[[ Information provided, beginning ]]

(* Pullback of G by (x,y,omega) |-> (p0 x y, p1 x y, omega). *)
Definition pullback (p0 p1 : fun2) (G : wmetric) : wmetric :=
  WMetric
    (fun x y => let a := d0 p0 x y in let c := d0 p1 x y in
       let X := p0 x y in let Y := p1 x y in
       g00 G X Y * a ^ 2 + 2 * g01 G X Y * a * c + g11 G X Y * c ^ 2)
    (fun x y => let a := d0 p0 x y in let b := d1 p0 x y in
       let c := d0 p1 x y in let d := d1 p1 x y in
       let X := p0 x y in let Y := p1 x y in
       g00 G X Y * a * b + g01 G X Y * (a * d + b * c) + g11 G X Y * c * d)
    (fun x y => let b := d1 p0 x y in let d := d1 p1 x y in
       let X := p0 x y in let Y := p1 x y in
       g00 G X Y * b ^ 2 + 2 * g01 G X Y * b * d + g11 G X Y * d ^ 2)
    (fun x y => gang G (p0 x y) (p1 x y)).

Definition scale (k : fun2) (G : wmetric) : wmetric :=
  WMetric (fun x y => k x y * g00 G x y) (fun x y => k x y * g01 G x y)
          (fun x y => k x y * g11 G x y) (fun x y => k x y * gang G x y).

Definition meq_on (D : dom2) (G H : wmetric) : Prop :=
  forall x y, D x y ->
    g00 G x y = g00 H x y /\ g01 G x y = g01 H x y /\
    g11 G x y = g11 H x y /\ gang G x y = gang H x y.

Definition F (M r : R) : R := (1 - M / r) ^ 2.

Definition rstar (M r : R) : R :=
  r - M + 2 * M * ln (Rabs (r - M) / M) - M ^ 2 / (r - M).

Definition PhiR (M r : R) : R := r * M / (r - M).

(* Regions (2d parts; the S^2 factor is implicit). *)
Definition ExtD (M : R) : dom2 := fun t r => M < r.
Definition IntD (M : R) : dom2 := fun u r => 0 < r < M.
Definition ND : dom2 := fun v r => r < 0.
Definition NposD : dom2 := fun v r' => 0 < r'.

Definition gExt (M : R) : wmetric :=
  WMetric (fun t r => F M r) (fun t r => 0) (fun t r => - / F M r)
          (fun t r => - r ^ 2).

(* g = F du^2 + 2 du dr - r^2 domega^2  (outgoing EF, interior)
   also used for g_N = F dv^2 + 2 dv dr - r^2 domega^2 *)
Definition gEF (M : R) : wmetric :=
  WMetric (fun u r => F M r) (fun u r => 1) (fun u r => 0)
          (fun u r => - r ^ 2).

Definition rinv2 : fun2 := fun x r => / r ^ 2.

Definition cfac (M : R) : fun2 := fun x r => M ^ 2 / (r - M) ^ 2.

Definition RN_f (m q r : R) : R := 1 - 2 * m / r + q ^ 2 / r ^ 2.

Definition gRN_in (m q : R) : wmetric :=
  WMetric (fun v r => RN_f m q r) (fun v r => -1) (fun v r => 0)
          (fun v r => - r ^ 2).

(* All maps in the theorem have the "shear-radial" form
     (x, y, omega) |-> (x + k y, phi y, omega),
   with k, phi built from r, ln |r - M| and 1/(r - M).  The proof is organised
   around this observation:
   1. Smoothness: a function a*x + h(y) is C^oo on a strip I x R as soon as h
      lies in a class of one-variable functions that contains the constants and
      is closed under differentiation on I; the class [radial M] generated by
      r, ln(|r-M|/M), 1/(r-M) is such a class away from r = M.
   2. Diffeomorphism: both maps are involutions (since r_*(Phi r) = - r_* r),
      so each is its own smooth inverse.
   3. Metrics: the pullback of a warped metric under a shear-radial map is
      given by an explicit formula in k' and phi'; with phi' = -M^2/(r-M)^2,
      r_*' = 1/F and F(Phi r) = M^2/r^2 the conformal identities reduce to
      field arithmetic, and the rescaled statements follow from
      (Phi r)^-2 * M^2/(r-M)^2 = r^-2.
   4. Limits: -Phi tends to 0+ at 0+ (continuity and sign) and to +oo at M-
      (comparison with a multiple of 1/(M - r)). *)

From Pilot Require Import Defs.
From Stdlib Require Import Reals Lra.
From Coquelicot Require Import Coquelicot.
Open Scope R_scope.

Section AffineSmooth.

Variable I : R -> Prop.
Hypothesis I_open : open I.
Variable S : (R -> R) -> Prop.
Hypothesis S_const : forall c, S (fun _ => c).
Hypothesis S_derive :
  forall h, S h -> exists h', S h' /\ forall y, I y -> is_derive h y (h' y).

Definition affine_in (f : fun2) : Prop :=
  exists a h, S h /\ forall x y, I y -> f x y = a * x + h y.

[[ Information provided, end ]]

__Work to be completed__: With the line that contains "Hypothesis S_const : forall" as the start, output every line through the end of the entries exactly. Add no other lines.

__Solution for this problem__:
Hypothesis S_const : forall c, S (fun _ => c).
Hypothesis S_derive :
  forall h, S h -> exists h', S h' /\ forall y, I y -> is_derive h y (h' y).

Definition affine_in (f : fun2) : Prop :=
  exists a h, S h /\ forall x y, I y -> f x y = a * x + h y.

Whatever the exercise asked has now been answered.